CLARIFY is an international, prospective, longitudinal registry of outpatients with stable CAD; 33,428 patients from 45 countries were screened (November 2009 to July 2010) of whom 32,954 had data available for analysis [4]. Eligible patients were adults (≥18 years) with stable CAD, defined as having any of the following criteria: either prior (>3 months) documented MI or revascularization procedure, coronary stenosis >50% on coronary angiography, or chest pain associated with proven myocardial ischemia proven by stress electrocardiogram, stress echocardiography, or myocardial imaging. Patients were excluded if they had been hospitalized within the previous 3 months for cardiovascular disease (including for revascularization), were to undergo planned revascularization, or were unlikely to complete 5-year follow-up. In addition, for patients with documented MI or revascularization procedure, those who had either of these events in the year before inclusion were excluded of the analysis.
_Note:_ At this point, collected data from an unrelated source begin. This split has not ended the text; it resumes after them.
Lemma invX_le_invsqr_gap : 1 <= y ->
  (x ^+ m.+2)^-1 <= m%:R * ((y ^+ 2)^-1 - (x ^+ 2)^-1).
Proof.
move=> y_ge1; have y_gt0 : 0 < y by apply: lt_le_trans y_ge1.
have x_gt0 : 0 < x by apply: lt_le_trans x_ge1.
have y0 : 0 < y ^+ 2 by rewrite exprn_gt0.
have x0 : 0 < x ^+ 2 by rewrite exprn_gt0.
have yx2 : y ^+ 2 <= x ^+ 2 by rewrite lerXn2r // nnegrE (le_trans _ le_yx).
have -> : (y ^+ 2)^-1 - (x ^+ 2)^-1 = (x ^+ 2 - y ^+ 2) / (x ^+ 2 * y ^+ 2).
  by field; rewrite !gt_eqF.
have -> : x ^+ m.+2 = x ^+ (m - 2) * (x ^+ 2 * x ^+ 2).
  by rewrite -!exprD; congr (_ ^+ _); lia.
rewrite invfM; apply: le_trans (ler_wpM2r _ invX_le_sqr_gap) _.
  by rewrite invr_ge0 mulr_ge0 ?ltW.
rewrite -mulrA ler_wpM2l // ler_wpM2l ?subr_ge0 //.
by rewrite lef_pV2 ?posrE ?mulr_gt0 // ler_wpM2l // ltW.
Qed.

End UnitGap.

Definition dens (m x : nat) : R := (natroot m x ^+ (m - 2))^-1.

Lemma dens_ge0 m x : 0 <= dens m x.
Proof. by rewrite invr_ge0 exprn_ge0 // natroot_ge0. Qed.

Lemma powR_dens m x : (0 < m)%N ->
  x%:R `^ (- ((m - 2)%:R / m%:R)) = dens m x.
Proof.
move=> m0; rewrite /dens /natroot -powR_invn ?powR_ge0 // -powRrM.
by rewrite mulrN mulrC.
Qed.

Lemma dens_le_mul m n c x : (0 < m)%N -> (0 < c)%N -> (0 < x)%N ->
  (0 < n)%N -> (n <= c * x)%N -> dens m x <= c%:R ^+ (m - 2) * dens m n.
Proof.
move=> m0 c0 x0 n0 le_n_cx.
have le_roots : natroot m n <= c%:R * natroot m x.
  apply: le_trans (le_natroot m _ _ le_n_cx) _.
  by rewrite natrootM ler_wpM2r ?natroot_ge0 ?natroot_le_id.
have pos u : (0 < u)%N -> 0 < natroot m u ^+ (m - 2).
  by move=> u0; rewrite exprn_gt0 // natroot_gt0.
rewrite /dens -[X in _ <= X]invrK invfM invrK lef_pV2 ?posrE ?mulr_gt0 ?invr_gt0 ?pos //.
  rewrite mulrC ler_pdivrMr ?exprn_gt0 ?ltr0n // mulrC -exprMn.
  by rewrite lerXn2r ?nnegrE ?mulr_ge0 ?natroot_ge0.
by rewrite exprn_gt0 ?ltr0n.
Qed.

Lemma dens_mul_natrootX_le m n a : (a + 3 <= m)%N -> (0 < n)%N ->
  dens m n * natroot m n ^+ a <= (natroot m n)^-1.
Proof.
move=> am n0; have u1 := natroot_ge1 m n n0; set u := natroot m n in u1 *.
have u0 : 0 < u by apply: lt_le_trans u1.
have -> : dens m n = (u ^+ (m - 3))^-1 * u^-1.
  by rewrite /dens -/u -invfM -exprSr; congr (_ ^-1); congr (_ ^+ _); lia.
rewrite mulrAC ler_piMl ?invr_ge0 ?(ltW u0) // mulrC ler_pdivrMr ?exprn_gt0 // mul1r.
by apply: ler_weXn2l => //; lia.
Qed.
(* Let $\mathcal{H}$ be a separable Hilbert space and $\{f_n\}_{n=1}^\infty$ a Bessel sequence in $\mathcal{H}$. Then $\{f_n\}$ is a pseudo-Riesz basis for $\mathcal{H}$ if and only if it is simultaneously a pseudo-frame and a pseudo-Riesz sequence.
   Context: A Bessel sequence $\{f_n\}$ in $\mathcal{H}$ is a pseudo-Riesz basis if there are a finite set $\sigma\subseteq\mathbb{N}$ and finitely many vectors $g_1,\dots,g_m\in\mathcal{H}$ such that $\{f_n\}_{n\notin\sigma}\cup\{g_1,\dots,g_m\}$ is a Riesz basis for $\mathcal{H}$. A Bessel sequence is a pseudo-frame if it becomes a frame for $\mathcal{H}$ after adding finitely many appropriate vectors to it. A Bessel sequence is a pseudo-Riesz sequence if it becomes a Riesz sequence after removing finitely many appropriate vectors from it. *)

From HB Require Import structures.
From mathcomp Require Import all_boot all_order all_algebra.
From mathcomp Require Import all_classical all_reals.
From mathcomp Require Import ereal esum.
From mathcomp.real_closed Require Import complex.

Set Implicit Arguments.
Unset Strict Implicit.
Unset Printing Implicit Defensive.

Import Order.TTheory GRing.Theory Num.Theory.
Local Open Scope ring_scope.
Local Open Scope classical_set_scope.

Section Hilbert.
Variables (R : realType) (V : lmodType R[i]) (ip : V -> V -> R[i]).

Definition inner_product : Prop :=
  [/\ (forall (a : R[i]) (x y z : V), ip (a *: x + y) z = a * ip x z + ip y z),
      (forall x y : V, ip y x = conjc (ip x y)),
      (forall x : V, 0 <= complex.Re (ip x x)) &
      (forall x : V, ip x x = 0 -> x = 0)].

Definition hnorm (x : V) : R := Num.sqrt (complex.Re (ip x x)).

Definition csq (z : R[i]) : R := (Normc.normc z) ^+ 2.

Definition hcomplete : Prop :=
  forall u : nat -> V,
    (forall e : R, 0 < e -> exists N : nat, forall m n : nat,
         (N <= m)%N -> (N <= n)%N -> hnorm (u m - u n) < e) ->
    exists l : V, forall e : R, 0 < e -> exists N : nat, forall n : nat,
         (N <= n)%N -> hnorm (u n - l) < e.

Definition hseparable : Prop :=
  exists d : nat -> V, forall (x : V) (e : R), 0 < e ->
    exists n : nat, hnorm (x - d n) < e.

Section Families.
Variable I : choiceType.
Implicit Types (f : I -> V).

Definition lincomb f (s : seq I) (c : I -> R[i]) : V :=
  \sum_(i <- s) c i *: f i.

Definition coef_sum f (x : V) : \bar R :=
  \esum_(i in [set: I]) (csq (ip x (f i)))%:E.

Definition bessel f : Prop :=
  exists B : R, 0 < B /\
    forall x : V, (coef_sum f x <= (B * hnorm x ^+ 2)%:E)%E.

Definition frame f : Prop :=
  exists A B : R, [/\ 0 < A, 0 < B &
    forall x : V, ((A * hnorm x ^+ 2)%:E <= coef_sum f x)%E /\
                  (coef_sum f x <= (B * hnorm x ^+ 2)%:E)%E].

Definition riesz_sequence f : Prop :=
  exists A B : R, [/\ 0 < A, 0 < B &
    forall (s : seq I) (c : I -> R[i]), uniq s ->
      A * (\sum_(i <- s) csq (c i)) <= hnorm (lincomb f s c) ^+ 2 /\
      hnorm (lincomb f s c) ^+ 2 <= B * (\sum_(i <- s) csq (c i))].

Definition complete_family f : Prop :=
  forall (x : V) (e : R), 0 < e ->
    exists (s : seq I) (c : I -> R[i]), hnorm (x - lincomb f s c) < e.

Definition riesz_basis f : Prop := complete_family f /\ riesz_sequence f.

End Families.

Definition remove_add (f : nat -> V) (sigma : seq nat) (m : nat) (g : 'I_m -> V)
  : {n : nat | n \notin sigma} + 'I_m -> V :=
  fun i => match i with inl n => f (sval n) | inr k => g k end.

Definition add_vecs (f : nat -> V) (m : nat) (g : 'I_m -> V) : nat + 'I_m -> V :=
  fun i => match i with inl n => f n | inr k => g k end.

Definition remove_vecs (f : nat -> V) (sigma : seq nat) : {n : nat | n \notin sigma} -> V :=
  fun n => f (sval n).

Definition pseudo_riesz_basis (f : nat -> V) : Prop :=
  exists (sigma : seq nat) (m : nat) (g : 'I_m -> V),
    riesz_basis (@remove_add f sigma m g).

Definition pseudo_frame (f : nat -> V) : Prop :=
  exists (m : nat) (g : 'I_m -> V), frame (@add_vecs f m g).
(* When E is unbounded, [real (Lub_Rbar E)] is the junk value 0, so a bound on
   the ratios is needed before the supremum can be used. *)
Lemma le_real_Lub_Rbar (E : R -> Prop) B : (forall r, E r -> r <= B) ->
  forall r, E r -> r <= real (Lub_Rbar E).
Proof.
  intros HB r Hr. destruct (Lub_Rbar_correct E) as [Hub Hleast].
  assert (Hle : Rbar_le (Lub_Rbar E) B) by (apply Hleast; intros s Hs; apply HB, Hs).
  specialize (Hub r Hr).
  destruct (Lub_Rbar E); simpl in *; tauto.
Qed.

Lemma p_delta_nonneg h d : 0 <= p_delta h d.
Proof.
  rewrite p_delta_ratios.
  set (r := Rabs (ln (h 1) - ln (h 0)) / hpow (Rabs (1 - 0)) d).
  assert (Hr : log_holder_ratios h d r).
  { exists 0, 1. unfold inI. repeat split; lra. }
  assert (Hr0 : 0 <= r).
  { apply Rdiv_le_0_compat; [apply Rabs_pos | apply hpow_pos].
    rewrite Rminus_0_r, Rabs_R1; lra. }
  destruct (Lub_Rbar_correct (log_holder_ratios h d)) as [Hub _].
  specialize (Hub r Hr). pose proof (Rabs_pos (ln (h 0))).
  destruct (Lub_Rbar (log_holder_ratios h d)); simpl in *; lra.
Qed.
(* Let $R$ be a commutative ring in which $2$ is invertible and let $Q$ be a free $R$-module of rank $n$ with a fixed ordered basis. Let $\varphi'$ and $\varphi^*$ be invertible symmetric $n\times n$ matrices defining quadratic forms on $Q$, with $\varphi'=\epsilon^t\varphi^*\epsilon$ for some $\epsilon\in\mathrm{GL}_n(R)$. Let $M=Q\perp\mathbb{H}(R)$, with ordered basis the basis of $Q$ followed by $x,f$, and endow $M$ with the forms of matrices $\varphi'\perp\psi_1$ and $\varphi^*\perp\psi_1$ respectively, where $\psi_1=\begin{pmatrix}0&1\\1&0\end{pmatrix}$. Then, as groups of $(n+2)\times(n+2)$ matrices, $\mathrm{ETransO}(M,\langle\,,\,\rangle_{\varphi'\perp\psi_1})=(\epsilon^{-1}\perp I_2)\,\mathrm{ETransO}(M,\langle\,,\,\rangle_{\varphi^*\perp\psi_1})\,(\epsilon\perp I_2)$.
   Context: For an invertible symmetric matrix $\varphi$ on $Q$, $\langle a,b\rangle_\varphi=a^t\varphi b$ in coordinates and $q_\varphi(a)=\tfrac12\langle a,a\rangle_\varphi$. $\mathbb{H}(R)=Rx\oplus Rf$ with $\langle x,f\rangle=1$, $\langle x,x\rangle=\langle f,f\rangle=0$. For the form $\varphi\perp\psi_1$ on $M$ and $w\in Q$, writing elements as $(z,ax+bf)$, the elementary orthogonal transvections are $E^w_1(z,ax+bf)=(z-bw,\,(a+\langle z,w\rangle_\varphi-bq_\varphi(w))x+bf)$ and $E^w_2(z,ax+bf)=(z-aw,\,ax+(b+\langle z,w\rangle_\varphi-aq_\varphi(w))f)$; $\mathrm{ETransO}(M,\langle\,,\,\rangle_{\varphi\perp\psi_1})$ is the group generated by all $E^w_1,E^w_2$, $w\in Q$. *)

From HB Require Import structures.
From mathcomp Require Import all_boot all_order all_algebra.
Set Implicit Arguments. Unset Strict Implicit. Unset Printing Implicit Defensive.
Import GRing.Theory.
Local Open Scope ring_scope.

Section Transvections.
Variables (R : comUnitRingType) (n : nat).

Definition bform (phi : 'M[R]_n) (a b : 'cV[R]_n) : R := (a^T *m phi *m b) 0 0.

Definition qform (phi : 'M[R]_n) (a : 'cV[R]_n) : R := 2^-1 * bform phi a a.

(* Elements of M = Q _|_ H(R) are column vectors of size n+2: the coordinates
   z of the Q-part, followed by the coordinates a (of x) and b (of f). *)
Definition Mvec (z : 'cV[R]_n) (a b : R) : 'cV[R]_(n + 2) :=
  col_mx z (\col_(i < 2) (if i == ord0 then a else b)).

Definition zpart (v : 'cV[R]_(n + 2)) : 'cV[R]_n := usubmx v.
Definition xcoord (v : 'cV[R]_(n + 2)) : R := (dsubmx v : 'cV[R]_2) ord0 0.
Definition fcoord (v : 'cV[R]_(n + 2)) : R := (dsubmx v : 'cV[R]_2) ord_max 0.

Definition E1act (phi : 'M[R]_n) (w : 'cV[R]_n) (v : 'cV[R]_(n + 2)) :=
  let z := zpart v in let a := xcoord v in let b := fcoord v in
  Mvec (z - b *: w) (a + bform phi z w - b * qform phi w) b.

Definition E2act (phi : 'M[R]_n) (w : 'cV[R]_n) (v : 'cV[R]_(n + 2)) :=
  let z := zpart v in let a := xcoord v in let b := fcoord v in
  Mvec (z - a *: w) a (b + bform phi z w - a * qform phi w).

Definition mx_of (f : 'cV[R]_(n + 2) -> 'cV[R]_(n + 2)) : 'M[R]_(n + 2) :=
  \matrix_(i, j) (f (delta_mx j 0)) i 0.

Definition E1 phi w := mx_of (E1act phi w).
Definition E2 phi w := mx_of (E2act phi w).

Definition ETransO_gen (phi : 'M[R]_n) (g : 'M[R]_(n + 2)) : Prop :=
  exists w, g = E1 phi w \/ g = E2 phi w.

Inductive gen_group (S : 'M[R]_(n + 2) -> Prop) : 'M[R]_(n + 2) -> Prop :=
| gen_one : gen_group S 1%:M
| gen_mul g h : S g -> gen_group S h -> gen_group S (g *m h)
| gen_mulV g h : S g -> gen_group S h -> gen_group S (invmx g *m h).

(* ETransO(M, <,>_{phi _|_ psi_1}) *)
Definition ETransO (phi : 'M[R]_n) := gen_group (ETransO_gen phi).

Definition perpI2 (A : 'M[R]_n) : 'M[R]_(n + 2) := block_mx A 0 0 1%:M.

End Transvections.

(** The change of coordinates [z |-> eps z] on [Q], extended by the identity
    on the hyperbolic plane, is an isometry from [phi' _|_ psi_1] to
    [phis _|_ psi_1] because [phi' = eps^T phis eps]. Conjugating by it sends
    the transvection [E^w_i] of [phi'] to the transvection [E^(eps w)_i] of
    [phis], so it maps the generators of one group bijectively onto those of
    the other, hence the groups onto each other. *)

From HB Require Import structures.
From mathcomp Require Import all_boot all_order all_algebra.
From mathcomp Require Import ring.
Import GRing.Theory.
Local Open Scope ring_scope.

Section Conjugation.
Variables (R : comUnitRingType) (m : nat) (P : 'M[R]_m).
Hypothesis unitP : P \in unitmx.

Lemma invmx_left (A B : 'M[R]_m) : B *m A = 1%:M -> invmx A = B.
Proof.
move=> BA; have [_ unitA] := mulmx1_unit BA.
by rewrite -[invmx A]mul1mx -BA -mulmxA mulmxV // mulmx1.
Qed.

Lemma conj_mx1 : invmx P *m 1%:M *m P = 1%:M.
Proof. by rewrite mulmx1 mulVmx. Qed.

Lemma conj_mulmx (a b : 'M[R]_m) :
  (invmx P *m a *m P) *m (invmx P *m b *m P) = invmx P *m (a *m b) *m P.
Proof. by rewrite -!mulmxA mulKVmx // !mulmxA. Qed.

Lemma conj_invmx (g : 'M[R]_m) :
  invmx (invmx P *m g *m P) = invmx P *m invmx g *m P.
Proof.
have [unitg | Ng] := boolP (g \in unitmx).
  by apply: invmx_left; rewrite conj_mulmx mulVmx // conj_mx1.
have Nconj : invmx P *m g *m P \notin unitmx.
  by rewrite !unitmx_mul (negbTE Ng) andbF.
by rewrite [LHS]invmx_out ?inE // [invmx g]invmx_out ?inE.
Qed.

End Conjugation.

Section GeneratedGroupConjugation.
Variables (R : comUnitRingType) (n : nat) (P : 'M[R]_(n + 2)).
Hypothesis unitP : P \in unitmx.

Lemma gen_group_conj (S T : 'M[R]_(n + 2) -> Prop) :
  (forall t, T t <-> exists2 s, S s & t = invmx P *m s *m P) ->
  forall g, gen_group T g <-> exists h, gen_group S h /\ g = invmx P *m h *m P.
Proof.
move=> TS g; split.
  elim=> [|t h /TS[s Ss ->] _ [h' [Sh' ->]]|t h /TS[s Ss ->] _ [h' [Sh' ->]]].
  - by exists 1%:M; split; [exact: gen_one | rewrite conj_mx1].
  - by exists (s *m h'); split; [exact: gen_mul | rewrite conj_mulmx].
  - exists (invmx s *m h'); split; first exact: gen_mulV.
    by rewrite conj_invmx // conj_mulmx.
case=> h [Sh ->]; elim: Sh => [|s h' Ss _ IH|s h' Ss _ IH].
- by rewrite conj_mx1 //; exact: gen_one.
- by rewrite -conj_mulmx //; apply: gen_mul IH; apply/TS; exists s.
- rewrite -conj_mulmx // -conj_invmx //; apply: gen_mulV IH.
  by apply/TS; exists s.
Qed.

End GeneratedGroupConjugation.

Section MatrixOfMap.
Variables (R : comUnitRingType) (n : nat).
Implicit Types (f g : 'cV[R]_(n + 2) -> 'cV[R]_(n + 2)) (A B : 'M[R]_(n + 2)).

Lemma eq_mx_of f g : f =1 g -> mx_of f = mx_of g.
Proof. by move=> fg; apply/matrixP => i j; rewrite !mxE fg. Qed.

Lemma mx_of_mulmx A : mx_of (mulmx A) = A.
Proof. by apply/matrixP => i j; rewrite mxE -colE mxE. Qed.

Lemma col_mx_of f j : col j (mx_of f) = f (delta_mx j 0).
Proof. by apply/matrixP => i k; rewrite !mxE (ord1 k). Qed.

Lemma mx_ofE (f : {linear 'cV[R]_(n + 2) -> 'cV[R]_(n + 2)}) v :
  mx_of f *m v = f v.
Proof.
have -> : v = \sum_(j < n + 2) v j 0 *: delta_mx j 0.
  by rewrite {1}(matrix_sum_delta v); apply: eq_bigr => j _; rewrite big_ord1.
rewrite mulmx_sumr linear_sum; apply: eq_bigr => j _.
by rewrite -scalemxAr -colE col_mx_of linearZ.
Qed.

Lemma mx_of_conj (f : {linear 'cV[R]_(n + 2) -> 'cV[R]_(n + 2)}) A B :
  mx_of (fun v => A *m f (B *m v)) = A *m mx_of f *m B.
Proof.
rewrite -[RHS]mx_of_mulmx; apply: eq_mx_of => v.
by rewrite -!mulmxA mx_ofE.
Qed.

End MatrixOfMap.

Section Transvections.
Variables (R : comUnitRingType) (n : nat).
Implicit Types (phi : 'M[R]_n) (z w : 'cV[R]_n) (v : 'cV[R]_(n + 2)).

Lemma zpart_linear : linear (@zpart R n).
Proof. by move=> k u v; rewrite /zpart linearP. Qed.

Lemma xcoord_linear : scalar (@xcoord R n).
Proof. by move=> k u v; rewrite /xcoord linearP !mxE. Qed.

Lemma fcoord_linear : scalar (@fcoord R n).
Proof. by move=> k u v; rewrite /fcoord linearP !mxE. Qed.

Lemma bform_linear phi w : scalar (bform phi ^~ w).
Proof.
by move=> k z1 z2; rewrite /bform linearP /= !mulmxDl -!scalemxAl !mxE.
Qed.

Lemma MvecP k z1 z2 (a1 a2 b1 b2 : R) :
  Mvec (k *: z1 + z2) (k * a1 + a2) (k * b1 + b2) = k *: Mvec z1 a1 b1 + Mvec z2 a2 b2.
Proof.
rewrite /Mvec scale_col_mx add_col_mx; congr col_mx.
by apply/matrixP => i j; rewrite !mxE; case: ifP.
Qed.

Lemma E1act_linear phi w : linear (E1act phi w).
Proof.
move=> k u v; rewrite /E1act.
rewrite zpart_linear xcoord_linear fcoord_linear bform_linear -MvecP.
by congr Mvec; [rewrite scalerDl -scalerA scalerBr addrACA opprD | ring].
Qed.

Lemma E2act_linear phi w : linear (E2act phi w).
Proof.
move=> k u v; rewrite /E2act.
rewrite zpart_linear xcoord_linear fcoord_linear bform_linear -MvecP.
by congr Mvec; [rewrite scalerDl -scalerA scalerBr addrACA opprD | ring].
Qed.

HB.instance Definition _ phi w :=
  GRing.isLinear.Build R _ _ _ (E1act phi w) (E1act_linear phi w).
HB.instance Definition _ phi w :=
  GRing.isLinear.Build R _ _ _ (E2act phi w) (E2act_linear phi w).

End Transvections.

Section ChangeOfBasis.
Variables (R : comUnitRingType) (n : nat).
Implicit Types (phi A B : 'M[R]_n) (z w : 'cV[R]_n) (v : 'cV[R]_(n + 2)).

Lemma perpI2M A B : perpI2 A *m perpI2 B = perpI2 (A *m B).
Proof. by rewrite /perpI2 mulmx_block !mulmx0 !mul0mx !addr0 !add0r mulmx1. Qed.

Lemma perpI2_1 : perpI2 1%:M = 1%:M :> 'M[R]_(n + 2).
Proof. by rewrite /perpI2 -scalar_mx_block. Qed.

Lemma invmx_perpI2 A : A \in unitmx -> invmx (perpI2 A) = perpI2 (invmx A).
Proof. by move=> unitA; apply: invmx_left; rewrite perpI2M mulVmx // perpI2_1. Qed.

Lemma unitmx_perpI2 A : A \in unitmx -> perpI2 A \in unitmx.
Proof.
move=> unitA; have [] // := @mulmx1_unit _ _ (perpI2 A) (perpI2 (invmx A)).
by rewrite perpI2M mulmxV // perpI2_1.
Qed.

Lemma perpI2_Mvec A z (a b : R) : perpI2 A *m Mvec z a b = Mvec (A *m z) a b.
Proof. by rewrite /perpI2 /Mvec mul_block_col !mul0mx addr0 add0r mul1mx. Qed.

Lemma zpart_perpI2 A v : zpart (perpI2 A *m v) = A *m zpart v.
Proof.
by rewrite -[v]vsubmxK /perpI2 mul_block_col !mul0mx addr0 /zpart !col_mxKu.
Qed.

Lemma xcoord_perpI2 A v : xcoord (perpI2 A *m v) = xcoord v.
Proof.
by rewrite -[v]vsubmxK /perpI2 mul_block_col !mul0mx add0r mul1mx /xcoord !col_mxKd.
Qed.

Lemma fcoord_perpI2 A v : fcoord (perpI2 A *m v) = fcoord v.
Proof.
by rewrite -[v]vsubmxK /perpI2 mul_block_col !mul0mx add0r mul1mx /fcoord !col_mxKd.
Qed.

Lemma bform_mulmx phi A z w :
  bform phi (A *m z) (A *m w) = bform (A^T *m phi *m A) z w.
Proof. by rewrite /bform trmx_mul !mulmxA. Qed.

Lemma qform_mulmx phi A w : qform phi (A *m w) = qform (A^T *m phi *m A) w.
Proof. by rewrite /qform bform_mulmx. Qed.

Section Isometry.
Variable eps : 'M[R]_n.
Hypothesis unit_eps : eps \in unitmx.

Lemma E1act_conj phi w v :
  E1act (eps^T *m phi *m eps) w v
  = perpI2 (invmx eps) *m E1act phi (eps *m w) (perpI2 eps *m v).
Proof.
rewrite /E1act zpart_perpI2 xcoord_perpI2 fcoord_perpI2 perpI2_Mvec.
by rewrite bform_mulmx qform_mulmx mulmxBr -scalemxAr !mulKmx.
Qed.

Lemma E2act_conj phi w v :
  E2act (eps^T *m phi *m eps) w v
  = perpI2 (invmx eps) *m E2act phi (eps *m w) (perpI2 eps *m v).
Proof.
rewrite /E2act zpart_perpI2 xcoord_perpI2 fcoord_perpI2 perpI2_Mvec.
by rewrite bform_mulmx qform_mulmx mulmxBr -scalemxAr !mulKmx.
Qed.

Lemma E1_conj phi w :
  E1 (eps^T *m phi *m eps) w
  = invmx (perpI2 eps) *m E1 phi (eps *m w) *m perpI2 eps.
Proof.
by rewrite invmx_perpI2 // -mx_of_conj; apply: eq_mx_of => v; apply: E1act_conj.
Qed.

Lemma E2_conj phi w :
  E2 (eps^T *m phi *m eps) w
  = invmx (perpI2 eps) *m E2 phi (eps *m w) *m perpI2 eps.
Proof.
by rewrite invmx_perpI2 // -mx_of_conj; apply: eq_mx_of => v; apply: E2act_conj.
Qed.

Lemma ETransO_gen_conj phi t :
  ETransO_gen (eps^T *m phi *m eps) t
  <-> exists2 s, ETransO_gen phi s & t = invmx (perpI2 eps) *m s *m perpI2 eps.
Proof.
split=> [[w [->|->]] | [s [w [->|->]] ->]].
- by exists (E1 phi (eps *m w)); [exists (eps *m w); left | exact: E1_conj].
- by exists (E2 phi (eps *m w)); [exists (eps *m w); right | exact: E2_conj].
- by exists (invmx eps *m w); left; rewrite E1_conj mulKVmx.
- by exists (invmx eps *m w); right; rewrite E2_conj mulKVmx.
Qed.

End Isometry.
End ChangeOfBasis.

Theorem mainTheorem12 (R : comUnitRingType) (n : nat)
  (phi' phis eps : 'M[R]_n) :
  (2 : R) \is a GRing.unit ->
  phi'^T = phi' -> phi' \in unitmx ->
  phis^T = phis -> phis \in unitmx ->
  eps \in unitmx ->
  phi' = eps^T *m phis *m eps ->
  forall g : 'M[R]_(n + 2),
    ETransO phi' g <->
    exists h, ETransO phis h /\ g = perpI2 (invmx eps) *m h *m perpI2 eps.
Proof.
move=> _ _ _ _ _ unit_eps -> g.
rewrite -invmx_perpI2 //.
apply: gen_group_conj; first exact: unitmx_perpI2.
exact: ETransO_gen_conj.
Qed.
Recruitment (of 10–15 outpatients per physician) was performed by cardiologists, internists and primary care physicians, with the aim of consecutive enrolment of eligible patients. Physician selection was based on the best available sources, either local or regional, concerning the epidemiology and medical care data, including available market data and epidemiological surveys. A general target of 25 patients/million inhabitants was used (range 12.5–50) to ensure balanced representation of participating countries.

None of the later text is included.